Assigned task
Find the lines below holding the word "Require" and copy each of them.

Exercise input
Lemma ipC x y : ip x y = ip y x. Proof. by case: hip. Qed.

Lemma ipDl x y z : ip (x + y) z = ip x z + ip y z.
Proof. by case: hip => _ h _; have := h 1 x y z; rewrite scale1r mul1r. Qed.

Lemma ip0l z : ip 0 z = 0.
Proof. by case: hip => _ h _; have := h 1 0 0 z; rewrite scale1r addr0 mul1r; lra. Qed.

Lemma ipZl a x z : ip (a *: x) z = a * ip x z.
Proof. by case: hip => _ h _; have := h a x 0 z; rewrite addr0 ip0l addr0. Qed.

Lemma ipDr x y z : ip z (x + y) = ip z x + ip z y.
Proof. by rewrite ipC ipDl !(ipC z). Qed.

Lemma ipZr a x z : ip z (a *: x) = a * ip z x.
Proof. by rewrite ipC ipZl ipC. Qed.

Lemma ipBr x y z : ip z (x - y) = ip z x - ip z y.
Proof. by rewrite -scaleN1r ipDr ipZr mulN1r. Qed.

Lemma ipBl x y z : ip (x - y) z = ip x z - ip y z.
Proof. by rewrite ipC ipBr !(ipC z). Qed.

Lemma ip_ge0 x : 0 <= ip x x.
Proof. by case: hip => _ _ ->; exact: sqr_ge0. Qed.

Lemma ip_ext (A B : H) : (forall z, ip A z = ip B z) -> A = B.
Proof.
move=> eqAB; apply/eqP; rewrite -subr_eq0 -normr_eq0 -sqrf_eq0.
by case: hip => _ _ <-; rewrite ipBl eqAB subrr.
Qed.

(* Polarization expresses ip through the norm, hence ip is continuous. *)
Lemma ip_continuous : continuous (fun z : H * H => ip z.1 z.2).
Proof.
have polar y z : ip y z = (`|y + z| * `|y + z| - `|y - z| * `|y - z|) / 4.
  case: hip => _ _ nn; rewrite -!expr2 -!nn.
  by rewrite !ipBl !ipDl !ipBr !ipDr (ipC z y); field.
move=> z0; rewrite (_ : (fun z : H * H => ip z.1 z.2) = (fun z =>
    (`|z.1 + z.2| * `|z.1 + z.2| - `|z.1 - z.2| * `|z.1 - z.2|) / 4)).
  have sum_cvg : (fun z : H * H => z.1 + z.2) @ z0 --> z0.1 + z0.2.
    by apply: cvgD; [exact: cvg_fst | exact: cvg_snd].
  have diff_cvg : (fun z : H * H => z.1 - z.2) @ z0 --> z0.1 - z0.2.
    by apply: cvgB; [exact: cvg_fst | exact: cvg_snd].
  by apply: cvgMr_tmp; apply: cvgB; apply: cvgM; apply: cvg_norm.
by apply/funext => z; rewrite polar.
Qed.

Lemma is_derive_ip (p q : R -> H) (t : R) (dp dq : H) :
  is_derive t 1 p dp -> is_derive t 1 q dq ->
  is_derive t 1 (fun s => ip (p s) (q s)) (ip (p t) dq + ip dp (q t)).
Proof.
apply: (@is_derive_pairing R H H R ip).
- exact: ipDl.
- exact: ipZl.
- by move=> *; rewrite ipDr.
- by move=> *; rewrite ipZr.
- exact: ip_continuous.
Qed.

Lemma convex_gradient_ineq (f : H -> R) (g : H -> H) :
  convex_fun f -> is_gradient ip f g ->
  forall x z, f x - f z <= ip (g x) (x - z).
Proof.
move=> cf gf x z; have [dfx dfv] := gf x.
pose w := z - x.
have dfw : derivable f x w by exact: diff_derivable.
have quot_cvg : (fun h : R => h^-1 *: ((f \o shift x) (h *: w) - f x)) @ 0^'+
    --> 'D_w f x.
  move=> A /dfw /nbhs_ballP [_ /posnumP[e] xe_A].
  by exists e%:num => //= y xe_y /gt_eqF/negbT/xe_A; exact.
have : 'D_w f x <= f z - f x.
  apply: (cvgr_to_le quot_cvg); near=> h.
  have h0 : 0 < h by near: h; exact: nbhs_right_gt.
  have h1 : h <= 1 by near: h; exact: nbhs_right_le.
  have segment : h *: w + x = h *: z + (1 - h) *: x.
    by rewrite /w scalerBr scalerBl scale1r -addrA [- _ + x]addrC.
  have := cf z x h; rewrite (ltW h0) h1 -segment => /(_ isT) conv.
  rewrite /= -[h^-1 *: _]/(h^-1 * _) mulrC ler_pdivrMr //; nra.
rewrite deriveE // dfv /w !ipBr; lra.
Unshelve. all: by end_near.
Qed.
End InnerProduct.

Lemma rescaled_ode_algebra (R : realType) (V : lmodType R) (t beta : R) (v1 v2 v3 dG G : V) :
  t != 0 ->
  v3 + (10 / t) *: v2 + (20 / t ^+ 2) *: v1 + beta *: dG + G = 0 ->
  ((3 / 2) *: v2 + (t / 4) *: v3) + (4 / t) *: ((5 / 4) *: v1 + (t / 4) *: v2)
    + (t / 4) *: (beta *: dG + G) = 0.
Proof.
move=> t_neq0 ode; rewrite -(scaler0 _ (t / 4)) -{}ode -!addrA !scalerDr !scalerA.
have -> : 4 / t * (5 / 4) = t / 4 * (20 / t ^+ 2) by field.
have -> : t / 4 * (10 / t) = 3 / 2 + 4 / t * (t / 4) by field.
rewrite scalerDl !addrA; congr (_ + _ + _).
by rewrite [(3 / 2) *: v2 + _]addrC addrAC.
Qed.

Lemma rescaled_derivatives (R : realType) (V : normedModType R) (u : R -> V) (t : R) :
  let u1 := fun t => 'D_1 u t in
  let u2 := fun t => 'D_1 u1 t in
  let u3 := fun t => 'D_1 u2 t in
  derivable u t 1 -> derivable u1 t 1 -> derivable u2 t 1 ->
  is_derive t 1 (fun s => u s + (s / 4) *: u1 s) ((5 / 4) *: u1 t + (t / 4) *: u2 t)
  /\ is_derive t 1 (fun s => (5 / 4) *: u1 s + (s / 4) *: u2 s)
                   ((3 / 2) *: u2 t + (t / 4) *: u3 t).
Proof.
move=> u1 u2 u3 /derivableP Du /derivableP Du1 /derivableP Du2.
have Dquarter : is_derive t 1 (fun s : R => s / 4) 4^-1.
  have := is_derive_mul (is_derive_id t 1) (is_derive_cst (4^-1 : R) t 1).
  by move=> /is_derive_eq; apply; rewrite /=; field.
split.
- have := is_deriveD Du (is_derive_scale Dquarter Du1).
  move=> /is_derive_eq; apply.
  rewrite -[ 'D_1 u t]/(u1 t) -[ 'D_1 u1 t]/(u2 t) addrCA addrC.
  by rewrite -{1}[u1 t]scale1r -scalerDl; congr (_ *: _ + _); field.
- have := is_deriveD (is_derive_scale (is_derive_cst (5 / 4 : R) t 1) Du1)
    (is_derive_scale Dquarter Du2).
  move=> /is_derive_eq; apply.
  rewrite /cst -[ 'D_1 u1 t]/(u2 t) -[ 'D_1 u2 t]/(u3 t) scale0r addr0.
  by rewrite addrCA -scalerDl addrC; congr (_ *: _ + _); field.
Qed.

Section LyapunovAnalysis.
Variables (R : realType) (H : normedModType R) (ip : H -> H -> R).
Variables (f : H -> R) (g : H -> H) (beta t0 : R) (x xd xdd : R -> H) (xs : H).
Hypotheses (hip : is_inner_product ip) (f_convex : convex_fun f)
  (f_grad : is_gradient ip f g) (g_diff : forall y, differentiable g y)
  (xs_min : forall y, f xs <= f y) (t0_gt0 : 0 < t0) (beta_ge0 : 0 <= beta).
Hypotheses (x_der : forall t, t0 < t -> is_derive t 1 x (xd t))
  (xd_der : forall t, t0 < t -> is_derive t 1 xd (xdd t))
  (x_ode : forall t, t0 < t ->
     xdd t + (4 / t) *: xd t + (t / 4) *: (beta *: 'd g (x t) (xd t) + g (x t)) = 0).

Let gap t := f (x t) - f xs.
(* Coefficient of grad f(x) in the derivative of the anchor; <= 0 for t >= 2 beta. *)
Let damping (t : R) := beta * t / 2 - t * t / 4.
Let anchor t := 3 *: (x t - xs) + t *: xd t + (beta * (t * t) / 4) *: g (x t).
Let energy t :=
  (t * t * t / 4 - beta * (t * t) / 2) * gap t + ip (anchor t) (anchor t) / 2.
Let energy_rate t := (3 * t * t / 4 - beta * t) * gap t
  + damping t * (3 * ip (g (x t)) (x t - xs)
                 + beta * (t * t) / 4 * ip (g (x t)) (g (x t))).
Let weighted_energy t := energy t * (1 + 8 * beta / t).
Lemma End_iso_transport (k : fieldType) (V W : rep k) (R : nzRingType) :
  rep_iso V W -> End_iso W R -> End_iso V R.
Proof.
case=> L1 [L2 [L3 [L4 [M1 [M2 [M3 [M4 [[h1 h1'] [h2 h2'] [h3 h3'] [h4 h4'] [e1 e2 e3 e4]]]]]]]]].
case=> phi [phi_inj phi_endo phiD phiM phi1].
pose T (e : endo W) : endo V := Endo (M1 *m l1 e *m L1) (M2 *m l2 e *m L2)
  (M3 *m l3 e *m L3) (M4 *m l4 e *m L4).
pose U (f : endo V) : endo W := Endo (L1 *m l1 f *m M1) (L2 *m l2 f *m M2)
  (L3 *m l3 f *m M3) (L4 *m l4 f *m M4).
have TK : cancel T U by case=> a b c d; rewrite /T /U /= !conjmxK.
have UK : cancel U T by case=> a b c d; rewrite /T /U /= !conjmxK.
have T_endo e : is_endo (T e) <-> is_endo e.
  have ca := conjmx_intertwine h1' h1 h3 e1 (l1 e) (l3 e).
  have cg := conjmx_intertwine h1' h1 h4 e3 (l1 e) (l4 e).
  have cb := conjmx_intertwine h2' h2 h3 e2 (l2 e) (l3 e).
  have cd := conjmx_intertwine h2' h2 h4 e4 (l2 e) (l4 e).
  by split=> -[/ca-a /cg-g /cb-b /cd-d].
exists (T \o phi); split.
- exact: inj_comp (can_inj TK) phi_inj.
- move=> e; split=> [|[r <-]]; last by apply/T_endo/phi_endo; exists r.
  rewrite -[e]UK => /T_endo/phi_endo[r Er].
  by exists r; rewrite /= Er.
- by move=> a b; rewrite /= phiD /T /endo_add /= !mulmxDr !mulmxDl.
- by move=> a b; rewrite /= phiM /T /endo_mul /= !conjmxM.
- by rewrite /= phi1 /T /= !mulmx1 h1' h2' h3' h4'.
Qed.

Lemma sum_delta_nat {R : pzSemiRingType} {m} (F : 'I_m -> R) (i0 : 'I_m) (t : nat) :
  val i0 = t -> \sum_(l < m) (l == t :> nat)%:R * F l = F i0.
Proof.
move=> <-; rewrite (bigD1 i0) //= eqxx mul1r big1 ?addr0 // => l /negPf l_i0.
by rewrite val_eqE l_i0 mul0r.
Qed.

Lemma sum_delta_nat_out {R : pzSemiRingType} {m} (F : 'I_m -> R) (t : nat) :
  (m <= t)%N -> \sum_(l < m) (l == t :> nat)%:R * F l = 0.
Proof.
move=> le_mt; apply: big1 => l _.
by rewrite ltn_eqF ?mul0r // (leq_trans (ltn_ord l)).
Qed.

Definition centralizer_iso {k : fieldType} {R : nzRingType} {m} (M : 'M[k]_m)
    (phi : R -> 'M[k]_m) : Prop :=
  [/\ injective phi, forall X, X *m M = M *m X <-> exists r, phi r = X,
      {morph phi : a b / a + b}, {morph phi : a b / a * b >-> a *m b}
    & phi 1 = 1%:M].
(* Let $p\geq 3$ and put $\lambda=\lambda_p=2\cos(\pi/p)$. Every $G_p$-equivalence class of $\lambda$-BQFs contains either only hyperbolic forms or no hyperbolic forms.
   Context: Let $S=\begin{pmatrix}1&\lambda\\0&1\end{pmatrix}$, $T=\begin{pmatrix}0&-1\\1&0\end{pmatrix}$, and $G_p=\langle S,T\rangle/\{\pm I\}$, acting on $\mathbb{C}\cup\{\infty\}$ by linear fractional transformations. An element $\begin{pmatrix}a&b\\c&d\end{pmatrix}$ is hyperbolic if $|a+d|>2$; a hyperbolic fixed point is a real number fixed by a hyperbolic element of $G_p$. A $\lambda$-BQF is $Q(x,y)=Ax^2+Bxy+Cy^2=[A,B,C]$ with $A,B,C\in\mathbb{Z}[\lambda]$ and positive discriminant $B^2-4AC$. For $M=\begin{pmatrix}a&b\\c&d\end{pmatrix}\in G_p$, $(Q\circ M)(x,y)=Q(ax+by,cx+dy)$; $Q$ and $Q'$ are $G_p$-equivalent if $Q'=Q\circ V$ for some $V\in G_p$. For a hyperbolic fixed point $\alpha$, choose a matrix $\begin{pmatrix}a&b\\c&d\end{pmatrix}$ representing a generator of the stabilizer of $\alpha$ in $G_p$, replaced by its inverse if necessary so that $\alpha=\frac{a-d+\sqrt{D}}{2c}$ with $D=(a+d)^2-4$; then $Q_\alpha=[c,d-a,-b]$. A $\lambda$-BQF is hyperbolic if it equals $Q_\alpha$ for some hyperbolic fixed point $\alpha$. *)

From Stdlib Require Import Reals ZArith Lra.
Open Scope R_scope.

Record mat := Mat { ma : R; mb : R; mc : R; md : R }.

Definition mmul (M N : mat) : mat :=
  Mat (ma M * ma N + mb M * mc N) (ma M * mb N + mb M * md N)
      (mc M * ma N + md M * mc N) (mc M * mb N + md M * md N).
Definition mid : mat := Mat 1 0 0 1.
Definition mneg (M : mat) : mat := Mat (- ma M) (- mb M) (- mc M) (- md M).
(* inverse of a determinant-1 matrix (all elements of G_p have det 1) *)
Definition minv (M : mat) : mat := Mat (md M) (- mb M) (- mc M) (ma M).

Fixpoint mpow_nat (M : mat) (n : nat) : mat :=
  match n with O => mid | S k => mmul M (mpow_nat M k) end.
Definition mpow (M : mat) (k : Z) : mat :=
  match k with
  | Z0 => mid
  | Zpos p => mpow_nat M (Pos.to_nat p)
  | Zneg p => mpow_nat (minv M) (Pos.to_nat p)
  end.

Definition lam (p : nat) : R := 2 * cos (PI / INR p).

Definition Smat (p : nat) : mat := Mat 1 (lam p) 0 1.
Definition Tmat : mat := Mat 0 (-1) 1 0.
(* Assume $W_{S,M}$ is a finite Weyl group, that $K=(k_{s,s'})$ is an integer matrix satisfying conditions (K), and that $e=\{s_+,s_-\}$ satisfies condition (B) with sequence $s_{j_0}=s_-,s_{j_1}=s_+,\dots,s_{j_n}$. Let $S'=S\setminus\{s_{j_n}\}$, $w=s_{j_1}\cdots s_{j_n}$, $\tau:W_{S'}\to W_{S/e,N}$ the isomorphism $\tau(s)=s$ for $s\notin\{s_{j_0},\dots,s_{j_n}\}$, $\tau(s_{j_\ell})=s_{j_{\ell+1}}$ ($1\le \ell\le n-1$), $\tau(s_{j_0})=s_0$, and $\sigma^1:V_{S',\mathbb Z}\to V_{S/e,\mathbb Z}$ given by $\alpha_s\mapsto\alpha_s$ for $s\notin\{s_{j_0},\dots,s_{j_n}\}$ and $\alpha_{s_{j_\ell}}\mapsto\sigma_{s_{j_1}}\cdots\sigma_{s_{j_n}}(\alpha_{s_{j_\ell}})$. Then $\sigma^1$ is a well-defined isomorphism of lattices, and for all $(\alpha,x)\in W^{\mathrm{aff}}_{S'}=V_{S',\mathbb Z}\rtimes W_{S'}$, \[ \phi^{\mathrm{aff}}(\sigma^1(\alpha),\tau(x))=(\sigma_w(\alpha),wxw^{-1})\in W^{\mathrm{aff}}_{S}. \]
   Context: A Coxeter matrix on $S$ is a symmetric matrix $M=(m_{s,s'})$ with entries in $\mathbb Z_{\ge1}\sqcup\{\infty\}$, $m_{s,s'}=1$ iff $s=s'$; $W_{S,M}$ is generated by $S$ with relations $(ss')^{m_{s,s'}}=1$ for $m_{s,s'}\ne\infty$. Conditions (K) on a real matrix $K=(k_{s,s'})_{s,s'\in S}$: $k_{s,s}=-2$; $k_{s,s'}=0$ if $m_{s,s'}=2$; $k_{s,s'}>0$ if $m_{s,s'}\ge3$; $k_{s,s'}k_{s',s}=4\cos^2(\pi/m_{s,s'})$ if $m_{s,s'}\ne\infty$; $k_{s,s'}k_{s',s}\ge4$ if $m_{s,s'}=\infty$. Given $K$, $V_S=\bigoplus_{s\in S}\mathbb R\alpha_s$ and $\sigma_s(\alpha_{s'})=\alpha_{s'}+k_{s,s'}\alpha_s$ define a faithful representation $\sigma$ of $W_{S,M}$. When $K$ is integral, $V_{S,\mathbb Z}=\bigoplus_s\mathbb Z\alpha_s$ is stable and $W^{\mathrm{aff}}_{S}=V_{S,\mathbb Z}\rtimes W_{S,M}$ with product $(\alpha,x)(\beta,y)=(\alpha+\sigma_x\beta,xy)$. For $S'\subseteq S$, $W_{S'}$ is the subgroup generated by $S'$, $V_{S',\mathbb Z}=\bigoplus_{s\in S'}\mathbb Z\alpha_s$, and $W^{\mathrm{aff}}_{S'}=V_{S',\mathbb Z}\rtimes W_{S'}\subseteq W^{\mathrm{aff}}_S$. Edge contraction: $e=\{s_+,s_-\}$ with $m_{s_+,s_-}=3$; $S/e=(S\setminus\{s_+,s_-\})\sqcup\{s_0\}$; $N=(n_{s,s'})$ with $n_{s,s}=1$, $n_{s,s'}=m_{s,s'}$ for distinct $s,s'\ne s_0$, and for $s\ne s_0$: $n_{s,s_0}=m_{s,s_+}+m_{s,s_-}-2$ if $m_{s,s_+}=2$ or $m_{s,s_-}=2$, else $\infty$. $\phi:W_{S/e,N}\to W_{S,M}$ is $s\mapsto s$ ($s\ne s_0$), $s_0\mapsto s_+s_-s_+$. Put $\alpha_{s_0}=\alpha_{s_+}+\alpha_{s_-}$, $V_{S/e,\mathbb Z}=\bigoplus_{s\in S/e}\mathbb Z\alpha_s\subseteq V_{S,\mathbb Z}$, with $W_{S/e,N}$ acting by $\tilde\sigma_s(\alpha_{s'})=\alpha_{s'}+\tilde k_{s,s'}\alpha_s$, where $\tilde k_{s,s'}=k_{s,s'}$ for $s,s'\ne s_0$, $\tilde k_{s,s_0}=k_{s,s_+}+k_{s,s_-}$, $\tilde k_{s_0,s}=k_{s_+,s}+k_{s_-,s}$, $\tilde k_{s_0,s_0}=-2$. $W^{\mathrm{aff}}_{S/e}=V_{S/e,\mathbb Z}\rtimes W_{S/e,N}$ and $\phi^{\mathrm{aff}}(\alpha,x)=(\alpha,\phi(x))$. Condition (B): there exist $n\ge1$ and pairwise distinct $s_{j_0}=s_-,s_{j_1}=s_+,\dots,s_{j_n}\in S$ with $m_{s_{j_k},s_{j_{k+1}}}=3$ for $0\le k\le n-1$, and for every $1\le k\le n$ and every $s\in S$ different from $s_{j_k}$, $s_{j_{k-1}}$ and (if $k<n$) $s_{j_{k+1}}$, $m_{s_{j_k},s}=2$. *)

From HB Require Import structures.
From mathcomp Require Import all_boot all_order all_algebra.
From Stdlib Require Rdefinitions Raxioms RIneq Rtrigo_def Rtrigo1.

Set Implicit Arguments.
Unset Strict Implicit.
Unset Printing Implicit Defensive.

Import GRing.Theory Num.Theory.
Local Open Scope ring_scope.

Section Coxeter.
Variable S : finType.

(* Coxeter matrix: entries in Z_{>=1} ⊔ {∞}; None encodes ∞. *)
Definition coxeter_matrix (M : S -> S -> option nat) : Prop :=
  [/\ forall s t, M s t = M t s,
      forall s t, M s t = Some 1%N <-> s = t
    & forall s t m, M s t = Some m -> (0 < m)%N].

(* Words over S; W_{S,M} is the group presented by generators S and the
   relations (s t)^{m_{s,t}} = 1.  Since every s is an involution (m_{s,s}=1),
   the monoid presented by these relations is already this group, so we
   represent elements of W_{S,M} by words and equality in W_{S,M} by the
   congruence generated by the relations. *)
Inductive cox_eq (M : S -> S -> option nat) : seq S -> seq S -> Prop :=
| cox_refl u : cox_eq M u u
| cox_sym u v : cox_eq M u v -> cox_eq M v u
| cox_trans u v x : cox_eq M u v -> cox_eq M v x -> cox_eq M u x
| cox_rel u v s t m : M s t = Some m ->
    cox_eq M (u ++ flatten (nseq m [:: s; t]) ++ v) (u ++ v).

Definition cox_finite (M : S -> S -> option nat) : Prop :=
  exists l : seq (seq S), forall u, exists2 v, v \in l & cox_eq M u v.

Definition intR (z : int) : Rdefinitions.R :=
  match z with
  | Posz k => Raxioms.INR k
  | Negz k => Rdefinitions.Ropp (Raxioms.INR k.+1)
  end.

Definition four_cos2 (m : nat) : Rdefinitions.R :=
  Rdefinitions.Rmult (Raxioms.INR 4)
    (RIneq.Rsqr (Rtrigo_def.cos (Rdefinitions.Rdiv Rtrigo1.PI (Raxioms.INR m)))).

Definition condK (M : S -> S -> option nat) (K : S -> S -> int) : Prop :=
  [/\ forall s, K s s = -2,
      forall s t, M s t = Some 2%N -> K s t = 0,
      forall s t, (M s t = None \/ exists m, M s t = Some m /\ (3 <= m)%N) ->
                  0 < K s t,
      forall s t m, M s t = Some m -> intR (K s t * K t s) = four_cos2 m
    & forall s t, M s t = None -> Rdefinitions.Rle (Raxioms.INR 4) (intR (K s t * K t s))].

(* Condition (B) for e = {sp, sm}, with chain s_{j_k} = j k, 0 <= k <= n. *)
Definition condB (M : S -> S -> option nat) (sp sm : S) (n : nat)
    (j : nat -> S) : Prop :=
  [/\ (1 <= n)%N,
      forall a b, (a <= n)%N -> (b <= n)%N -> j a = j b -> a = b,
      j 0%N = sm /\ j 1%N = sp,
      forall k, (k < n)%N -> M (j k) (j k.+1) = Some 3%N
    & forall k, (1 <= k <= n)%N -> forall s, s != j k -> s != j k.-1 ->
        ((k < n)%N -> s != j k.+1) -> M (j k) s = Some 2%N].

(* The lattice V_{S,Z} = ⊕_s Z α_s, as integer coordinate vectors. *)
Definition vec := {ffun S -> int}.

Definition alpha (s : S) : vec := [ffun t => (t == s)%:R].

Definition vscale (c : int) (v : vec) : vec := [ffun t => c * v t].

Definition sigma (K : S -> S -> int) (s : S) (v : vec) : vec :=
  v + vscale (\sum_t K s t * v t) (alpha s).

Definition sigma_word (K : S -> S -> int) (u : seq S) (v : vec) : vec :=
  foldr (sigma K) v u.

(* Contracted generating set S/e = (S \ {sp, sm}) ⊔ {s0}; None is s0. *)
Definition Se (sp sm : S) := option {t : S | (t != sp) && (t != sm)}.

Response to the exercise
From Stdlib Require Import Reals ZArith Lra.
From HB Require Import structures.
From mathcomp Require Import all_boot all_order all_algebra.
From Stdlib Require Rdefinitions Raxioms RIneq Rtrigo_def Rtrigo1.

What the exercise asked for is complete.